(* Let $A,B\in\operatorname{Sym}(n,\mathbb{R})$ with $\operatorname{tr}A=\operatorname{tr}B=0$, and assume $\Gamma_A\subset\Gamma_B$, where $\Gamma_M:=\{z\in\mathbb{R}^n:{}^tzMz\le0\}$. Then there is $c\in\mathbb{R}$ with $B=cA$. *)

From HB Require Import structures.
From mathcomp Require Import all_boot all_order all_algebra.
From mathcomp Require Import reals.
Set Implicit Arguments. Unset Strict Implicit. Unset Printing Implicit Defensive.
Import Order.TTheory GRing.Theory Num.Theory.
Local Open Scope ring_scope.

Definition Gamma (R : realType) (n : nat) (M : 'M[R]_n) : 'cV[R]_n -> Prop :=
  fun z => ((z^T *m M *m z) 0 0 <= 0).

(* Write q_M(z) = tz M z. If q_A takes both signs, then on the plane spanned by
   x and y with q_A(x) < 0 < q_A(y) the form q_A vanishes on two lines x + u y,
   x + v y with u < 0 < v; these lie in Gamma_A, hence q_B <= 0 there, and an
   affine interpolation gives q_B(x)/q_A(x) >= q_B(y)/q_A(y). A number l between
   these two families of ratios makes l A - B positive semidefinite, and a
   traceless positive semidefinite symmetric matrix is zero. If q_A does not take
   both signs, A is semidefinite and traceless, hence A = 0, so Gamma_A is
   everything and B = 0 by the same argument. *)
From HB Require Import structures.
From mathcomp Require Import all_boot all_order all_algebra.
From mathcomp Require Import reals.
From mathcomp Require Import boolp classical_sets.
From mathcomp Require Import ring lra.
Import Order.TTheory GRing.Theory Num.Theory.
Local Open Scope ring_scope.
Set Implicit Arguments. Unset Strict Implicit.

Section BilinearForm.
Variables (R : comPzRingType) (n : nat).
Implicit Types (M N : 'M[R]_n) (x y z : 'cV[R]_n).

Definition bform M x y := (x^T *m M *m y) 0 0.

Lemma bformDl M x y z : bform M (x + y) z = bform M x z + bform M y z.
Proof. by rewrite /bform linearD /= !mulmxDl mxE. Qed.

Lemma bformDr M x y z : bform M z (x + y) = bform M z x + bform M z y.
Proof. by rewrite /bform !mulmxDr mxE. Qed.

Lemma bformZl M a x y : bform M (a *: x) y = a * bform M x y.
Proof. by rewrite /bform linearZ /= -!scalemxAl mxE. Qed.

Lemma bformZr M a x y : bform M x (a *: y) = a * bform M x y.
Proof. by rewrite /bform -!scalemxAr mxE. Qed.

Lemma bform_scalem a M x y : bform (a *: M) x y = a * bform M x y.
Proof. by rewrite /bform -scalemxAr -scalemxAl mxE. Qed.

Lemma bform_subm M N x y : bform (M - N) x y = bform M x y - bform N x y.
Proof. by rewrite /bform mulmxBr mulmxBl !mxE. Qed.

Lemma bform_oppm M x y : bform (- M) x y = - bform M x y.
Proof. by rewrite /bform mulmxN mulNmx mxE. Qed.

Lemma bform0m x y : bform 0 x y = 0.
Proof. by rewrite /bform mulmx0 mul0mx mxE. Qed.

Lemma bformC M x y : M^T = M -> bform M x y = bform M y x.
Proof.
move=> symM; rewrite /bform.
have -> : x^T *m M *m y = (y^T *m M *m x)^T by rewrite !trmx_mul trmxK symM mulmxA.
by rewrite [LHS]mxE.
Qed.

Lemma bform_delta M i j : bform M (delta_mx i 0) (delta_mx j 0) = M i j.
Proof. by rewrite /bform trmx_delta -rowE -colE !mxE. Qed.

Lemma bform_line M x y t : M^T = M ->
  bform M (x + t *: y) (x + t *: y) =
  bform M x x + 2 * t * bform M x y + t ^+ 2 * bform M y y.
Proof. by move=> symM; rewrite !(bformDl, bformDr, bformZl, bformZr) (bformC x y symM); ring. Qed.

End BilinearForm.

Section TracelessForms.
Variables (R : realFieldType) (n : nat).
Implicit Types (M : 'M[R]_n) (z : 'cV[R]_n).

(* The diagonal entries are q_M(e_i) >= 0 and sum to 0, so they vanish; then
   q_M(e_i + t e_j) = 2 t M i j >= 0 for both signs of t. *)
Lemma psd_trace0_eq0 M : M^T = M -> \tr M = 0 ->
  (forall z, 0 <= bform M z z) -> M = 0.
Proof.
move=> symM trM psdM.
have diag0 i : M i i = 0.
  move: trM => /psumr_eq0P; apply => // j _.
  by rewrite -bform_delta.
apply/matrixP => i j; rewrite mxE.
have offdiag_ge0 t : 0 <= 2 * t * M i j.
  have := psdM (delta_mx i 0 + t *: delta_mx j 0).
  by rewrite bform_line // !bform_delta !diag0; lra.
by have := offdiag_ge0 1; have := offdiag_ge0 (-1); lra.
Qed.

Lemma nsd_trace0_eq0 M : M^T = M -> \tr M = 0 ->
  (forall z, bform M z z <= 0) -> M = 0.
Proof.
move=> symM trM nsdM; apply: oppr_inj; rewrite oppr0.
apply: psd_trace0_eq0 => [|| z]; first by rewrite linearN /= symM.
  by rewrite linearN /= trM oppr0.
by rewrite bform_oppm oppr_ge0.
Qed.

Lemma trace0_indefinite M : M^T = M -> \tr M = 0 -> M != 0 ->
  (exists x, bform M x x < 0) /\ (exists y, 0 < bform M y y).
Proof.
move=> symM trM /eqP M_neq0; split.
- apply: contrapT => no_neg; apply: M_neq0; apply: psd_trace0_eq0 => // z.
  by rewrite leNgt; apply/negP => neg; apply: no_neg; exists z.
- apply: contrapT => no_pos; apply: M_neq0; apply: nsd_trace0_eq0 => // z.
  by rewrite leNgt; apply/negP => pos; apply: no_pos; exists z.
Qed.

End TracelessForms.

Lemma quadratic_roots_opposite_sign (R : rcfType) (a b c : R) :
  a < 0 -> 0 < c -> exists u v,
  [/\ u < 0 < v, a + 2 * u * b + u ^+ 2 * c = 0 & a + 2 * v * b + v ^+ 2 * c = 0].
Proof.
move=> a_lt0 c_gt0.
have b2_lt_disc : b ^+ 2 < b ^+ 2 - a * c by nra.
pose s := Num.sqrt (b ^+ 2 - a * c).
have s_ge0 : 0 <= s by exact: sqrtr_ge0.
have s2 : s ^+ 2 = b ^+ 2 - a * c by rewrite sqr_sqrtr // (le_trans (sqr_ge0 b)) ?ltW.
have root w : w ^+ 2 + 2 * b * w + a * c = 0 ->
    a + 2 * (w / c) * b + (w / c) ^+ 2 * c = 0.
  move=> hw; have c_neq0 : c != 0 by rewrite gt_eqF.
  have -> : a + 2 * (w / c) * b + (w / c) ^+ 2 * c =
    (w ^+ 2 + 2 * b * w + a * c) / c by field.
  by rewrite hw mul0r.
have c_inv_gt0 : 0 < c^-1 by rewrite invr_gt0.
exists ((- b - s) / c), ((- b + s) / c); split.
- by apply/andP; split; [rewrite pmulr_llt0 | rewrite mulr_gt0] => //; nra.
- by apply: root; nra.
- by apply: root; nra.
Qed.

Lemma affine_le0_between (R : realDomainType) (al be u v : R) :
  u < 0 < v -> al + be * u <= 0 -> al + be * v <= 0 -> al <= 0.
Proof.
case/andP=> u_lt0 v_gt0 hu hv.
have : al * (v - u) <= 0.
  have -> : al * (v - u) = v * (al + be * u) + (- u) * (al + be * v) by ring.
  by apply: ler_wnDl; rewrite pmulr_rle0 // oppr_gt0.
by rewrite pmulr_lle0 // subr_gt0 (lt_trans u_lt0).
Qed.

Section ConeInclusion.
Variables (R : rcfType) (n : nat) (A B : 'M[R]_n).
Hypotheses (symA : A^T = A) (symB : B^T = B).
Hypothesis incl : forall z, bform A z z <= 0 -> bform B z z <= 0.

Lemma cone_incl_cross x y : bform A x x < 0 -> 0 < bform A y y ->
  bform A y y * bform B x x <= bform B y y * bform A x x.
Proof.
move=> ax_lt0 ay_gt0.
have [u [v [uv Au Av]]] := quadratic_roots_opposite_sign (bform A x y) ax_lt0 ay_gt0.
have on_line t : bform A x x + 2 * t * bform A x y + t ^+ 2 * bform A y y = 0 ->
    bform A y y * bform B x x - bform B y y * bform A x x
    + 2 * (bform A y y * bform B x y - bform B y y * bform A x y) * t <= 0.
  move=> At; have := @incl (x + t *: y).
  rewrite !bform_line // At lexx => /(_ isT) Bt.
  have -> : bform A y y * bform B x x - bform B y y * bform A x x
      + 2 * (bform A y y * bform B x y - bform B y y * bform A x y) * t =
    bform A y y * (bform B x x + 2 * t * bform B x y + t ^+ 2 * bform B y y)
    - bform B y y * (bform A x x + 2 * t * bform A x y + t ^+ 2 * bform A y y)
    by ring.
  by rewrite At mulr0 subr0 pmulr_rle0.
rewrite -subr_le0; apply: affine_le0_between uv _ _; exact: on_line.
Qed.

Lemma cone_incl_ratio_le x y : bform A x x < 0 -> 0 < bform A y y ->
  bform B y y / bform A y y <= bform B x x / bform A x x.
Proof.
move=> ax_lt0 ay_gt0; rewrite ler_pdivrMr // mulrAC ler_ndivlMr //.
by rewrite mulrC cone_incl_cross.
Qed.

End ConeInclusion.

Lemma separating_value (R : realType) (T : Type) (P N : set T) (f : T -> R) :
  (exists y, P y) -> (exists x, N x) ->
  (forall x y, N x -> P y -> f y <= f x) ->
  exists l, (forall y, P y -> f y <= l) /\ (forall x, N x -> l <= f x).
Proof.
move=> [y0 Py0] [x0 Nx0] fPN.
have ub x : N x -> ubound (f @` P) (f x) by move=> Nx _ [y Py <-]; exact: fPN.
have supP : has_sup (f @` P) by split; [exists (f y0), y0 | exists (f x0); exact: ub].
exists (sup (f @` P)); split=> [y Py|x Nx].
- by apply: sup_upper_bound => //; exists y.
- by apply: ge_sup; [exists (f y0), y0 | exact: ub].
Qed.

Theorem theorem2p2 (R : realType) (n : nat) (A B : 'M[R]_n)
  (symA : A^T = A) (symB : B^T = B)
  (trA : \tr A = 0) (trB : \tr B = 0)
  (incl : forall z : 'cV[R]_n, Gamma A z -> Gamma B z) :
  exists c : R, B = c *: A.
Proof.
have inclAB z : bform A z z <= 0 -> bform B z z <= 0 by exact: incl.
have [A0 | A_neq0] := eqVneq A 0.
  exists 0; rewrite scale0r; apply: nsd_trace0_eq0 => // z.
  by apply: inclAB; rewrite A0 bform0m.
have [[x ax_lt0] [y ay_gt0]] := trace0_indefinite symA trA A_neq0.
have [l [le_l l_le]] := separating_value (f := fun z => bform B z z / bform A z z)
  (ex_intro (fun z => 0 < bform A z z) y ay_gt0)
  (ex_intro (fun z => bform A z z < 0) x ax_lt0)
  (cone_incl_ratio_le symA symB inclAB).
exists l; apply/esym/eqP; rewrite -subr_eq0; apply/eqP.
apply: psd_trace0_eq0.
- by rewrite linearB /= linearZ /= symA symB.
- by rewrite linearB /= mxtraceZ trA trB mulr0 subr0.
move=> z; rewrite bform_subm bform_scalem subr_ge0.
have [az_lt0 | az_gt0 | az0] := ltgtP (bform A z z) 0.
- by have := l_le z az_lt0; rewrite ler_ndivlMr // mulrC.
- by have := le_l z az_gt0; rewrite ler_pdivrMr // mulrC.
- by rewrite az0 mulr0 inclAB ?az0.
Qed.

## What the task requires
Going back over the entries above, copy word for word every line from the one that has "Lemma bformDl M" on through the one that has "bform M x x +".

## Result of this exercise
Lemma bformDl M x y z : bform M (x + y) z = bform M x z + bform M y z.
Proof. by rewrite /bform linearD /= !mulmxDl mxE. Qed.

Lemma bformDr M x y z : bform M z (x + y) = bform M z x + bform M z y.
Proof. by rewrite /bform !mulmxDr mxE. Qed.

Lemma bformZl M a x y : bform M (a *: x) y = a * bform M x y.
Proof. by rewrite /bform linearZ /= -!scalemxAl mxE. Qed.

Lemma bformZr M a x y : bform M x (a *: y) = a * bform M x y.
Proof. by rewrite /bform -!scalemxAr mxE. Qed.

Lemma bform_scalem a M x y : bform (a *: M) x y = a * bform M x y.
Proof. by rewrite /bform -scalemxAr -scalemxAl mxE. Qed.

Lemma bform_subm M N x y : bform (M - N) x y = bform M x y - bform N x y.
Proof. by rewrite /bform mulmxBr mulmxBl !mxE. Qed.

Lemma bform_oppm M x y : bform (- M) x y = - bform M x y.
Proof. by rewrite /bform mulmxN mulNmx mxE. Qed.

Lemma bform0m x y : bform 0 x y = 0.
Proof. by rewrite /bform mulmx0 mul0mx mxE. Qed.

Lemma bformC M x y : M^T = M -> bform M x y = bform M y x.
Proof.
move=> symM; rewrite /bform.
have -> : x^T *m M *m y = (y^T *m M *m x)^T by rewrite !trmx_mul trmxK symM mulmxA.
by rewrite [LHS]mxE.
Qed.

Lemma bform_delta M i j : bform M (delta_mx i 0) (delta_mx j 0) = M i j.
Proof. by rewrite /bform trmx_delta -rowE -colE !mxE. Qed.

Lemma bform_line M x y t : M^T = M ->
  bform M (x + t *: y) (x + t *: y) =
  bform M x x + 2 * t * bform M x y + t ^+ 2 * bform M y y.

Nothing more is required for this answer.